I hope to use the Nextstrain website for my introductory biology class this Fall. However, I have one vexing question about the interpretation of the default phylogenetic tree (ncov) on the website:
It seems that every branch represents one unique genotype, identified on the date shown on the x-axis (in the default view). What happens if another virus of the same genotype is identified? Is that then shown as the end of the branch, and the previous end ‘erased’? (I have yet to find sample placed internally on a branch) In other words, does the branch end indicate the last virus of that genotype to be identified, or the first virus of that genotype to be identified? I find it hard to believe that every genotype is identified only once.
Hi @plyons! The default tree view for SARS-CoV-2 on Nextstrain shows a “time tree” where each tip is plotted on the x-axis by its collection date and the internal nodes indicate the inferred time that ancestral strains circulated based on the observed collection dates and phylogenetic structure. In this layout, you will rarely see tips plotted on top of ancestral nodes. For example, here is the zoomed-in view of the Alpha clade in our global build:
You can change this default view to show a “divergence tree” by selecting the “divergence” button in the left navigation bar under the “Branch Length” section. In this divergence tree view of the same clade, we see tips and internal nodes plotted on the x-axis by the number of mutations they have relative to the root sequence of the tree.
Here we see that several tips fall on top of internal nodes indicating that these tips and the ancestral strain represented by the internal node have the exactly same genotype. If we added new strains to this tree with identical sequences to other strains, the new strains would be plotted at the same position on the x-axis as the other identical strains (with a slightly different y-axis position due to the “rectangular” phylogenetic tree layout).
Identical strains in this view can also appear as polytomies where the observed strains differ by genotype from their inferred ancestor but all observed strains are identical. I’ve highlighted two such polytomies in the following tree for New Zealand strains where two pairs of strains share a nucleotide mutation at 17009 (yellow tips) and then a sibling pair of strains share a mutation at 29296 (blue tips at the same x-axis position):
Thank you for your quick reply! Yes, this helps to understand the presentation of data, and I can see that the divergence view is better for understanding genetic relationships.

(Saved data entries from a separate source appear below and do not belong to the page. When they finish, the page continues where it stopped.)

Lemma Rbar_between l1 l2 : Rbar_le l1 l2 -> l1 <> l2 -> exists t,
  Rbar_le l1 (Finite t) /\ l1 <> Finite t /\ Rbar_le (Finite t) l2 /\ l2 <> Finite t.
Proof.
  destruct l1 as [a| |], l2 as [b| |]; simpl; intros Hle Hne; try tauto; try congruence.
  - assert (a < b) by (destruct (Rle_lt_or_eq_dec a b Hle); [assumption | congruence]).
    exists ((a + b) / 2). repeat split; try lra; intro E; injection E; lra.
  - exists (a + 1). repeat split; try lra; try discriminate. intro E; injection E; lra.
  - exists (b - 1). repeat split; try lra; try discriminate. intro E; injection E; lra.
  - exists 0. repeat split; discriminate.
Qed.

Lemma lim_strict_absurd u l1 l2 :
  is_lim_Rbar u l1 -> is_lim_Rbar u l2 -> Rbar_le l1 l2 -> l1 <> l2 -> False.
Proof.
  intros H1 H2 Hle Hne.
  destruct (Rbar_between l1 l2 Hle Hne) as (t & Le1 & Ne1 & Le2 & Ne2).
  destruct (is_lim_below u l1 t H1 Le1 Ne1) as [N1 HN1].
  destruct (is_lim_above u l2 t H2 Le2 Ne2) as [N2 HN2].
  destruct (HN1 (N1 + N2)%nat) as [A B]; [lia|].
  destruct (HN2 (N1 + N2)%nat) as [C _]; [lia|].
  exact (B (Rbar_le_antisym _ _ A C)).
Qed.

Lemma lim_unique u l1 l2 : is_lim_Rbar u l1 -> is_lim_Rbar u l2 -> l1 = l2.
Proof.
  intros H1 H2. apply NNPP. intro Hne.
  destruct (classic (Rbar_le l1 l2)) as [Hle|Hle].
  - exact (lim_strict_absurd u l1 l2 H1 H2 Hle Hne).
  - destruct (Rbar_not_le _ _ Hle) as [Hge _].
    exact (lim_strict_absurd u l2 l1 H2 H1 Hge (fun E => Hne (eq_sym E))).
Qed.

Lemma Lim_eq u l : is_lim_Rbar u l -> Lim u = l.
Proof. intros Hl. apply (lim_unique u); [unfold Lim; apply epsilon_spec; eauto | exact Hl]. Qed.
(* Let $b_1,b_2,b_3\in\mathbb{R}$ with $b_1b_2b_3\neq0$ and $b_2b_3<0$, and consider the system $$\dot x_1=b_1x_2,\qquad \dot x_2=b_2x_1x_3,\qquad \dot x_3=b_3x_1x_2 .$$ Then for every $m\in\mathbb{R}\setminus\{0\}$ the equilibrium state $e_1^m=(m,0,0)$ is nonlinear stable.
   Context: Nonlinear stable means stable in the sense of Lyapunov: for every neighbourhood $U$ of the equilibrium there is a neighbourhood $V$ such that every trajectory starting in $V$ remains in $U$ for all $t\ge0$. *)

From Stdlib Require Import Reals.
Open Scope R_scope.

Definition dist3 (p q : R * R * R) : R :=
  let '(p1, p2, p3) := p in
  let '(q1, q2, q3) := q in
  sqrt ((p1 - q1)^2 + (p2 - q2)^2 + (p3 - q3)^2).

Definition right_cont0 (f : R -> R) : Prop :=
  forall eps, 0 < eps -> exists d, 0 < d /\
    forall t, 0 < t < d -> Rabs (f t - f 0) < eps.

Definition is_solution (b1 b2 b3 T : R) (x1 x2 x3 : R -> R) : Prop :=
  (forall t, 0 < t < T ->
      derivable_pt_lim x1 t (b1 * x2 t) /\
      derivable_pt_lim x2 t (b2 * x1 t * x3 t) /\
      derivable_pt_lim x3 t (b3 * x1 t * x2 t)) /\
  right_cont0 x1 /\ right_cont0 x2 /\ right_cont0 x3.

(* Lyapunov (nonlinear) stability of the equilibrium e: for every
   eps-ball U around e there is a delta-ball V such that every trajectory
   starting in V stays in U for all t >= 0 (for as long as it exists;
   a trajectory on [0,+oo) restricts to every [0,T)). *)
Definition nonlinear_stable (b1 b2 b3 : R) (e : R * R * R) : Prop :=
  forall eps, 0 < eps -> exists delta, 0 < delta /\
    forall (T : R) (x1 x2 x3 : R -> R),
      is_solution b1 b2 b3 T x1 x2 x3 ->
      dist3 (x1 0, x2 0, x3 0) e < delta ->
      forall t, 0 <= t < T -> dist3 (x1 t, x2 t, x3 t) e < eps.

But, I guess I’m still curious to understand the meaning of the “time” x-axis. It appears from this data that a viral strain is very rarely (almost never, although you do show a number of identical strains) found again, or reported to this database again. I’m curious to know if this is a reflection of sampling (if the virus evolves rapidly enough, and sampling is distributed/slow enough, then we wouldn’t expect many identical strains), or reporting (an identical strain is not entered into the database because it is not a new strain). For example, most strains within Clade 20G appear to have been reported Feb-April 2021, but not since; most strains within Clade 21A(delta) appear to have been reported April-June 2021; meanwhile, Clade 20I(alpha V1) appear to have been reported across a wide time-span, Feb-June 2021. I’m guessing, based on this, that this is truly a reality based on sampling, rather than reporting, and it really is a rarity to sample the identical virus twice.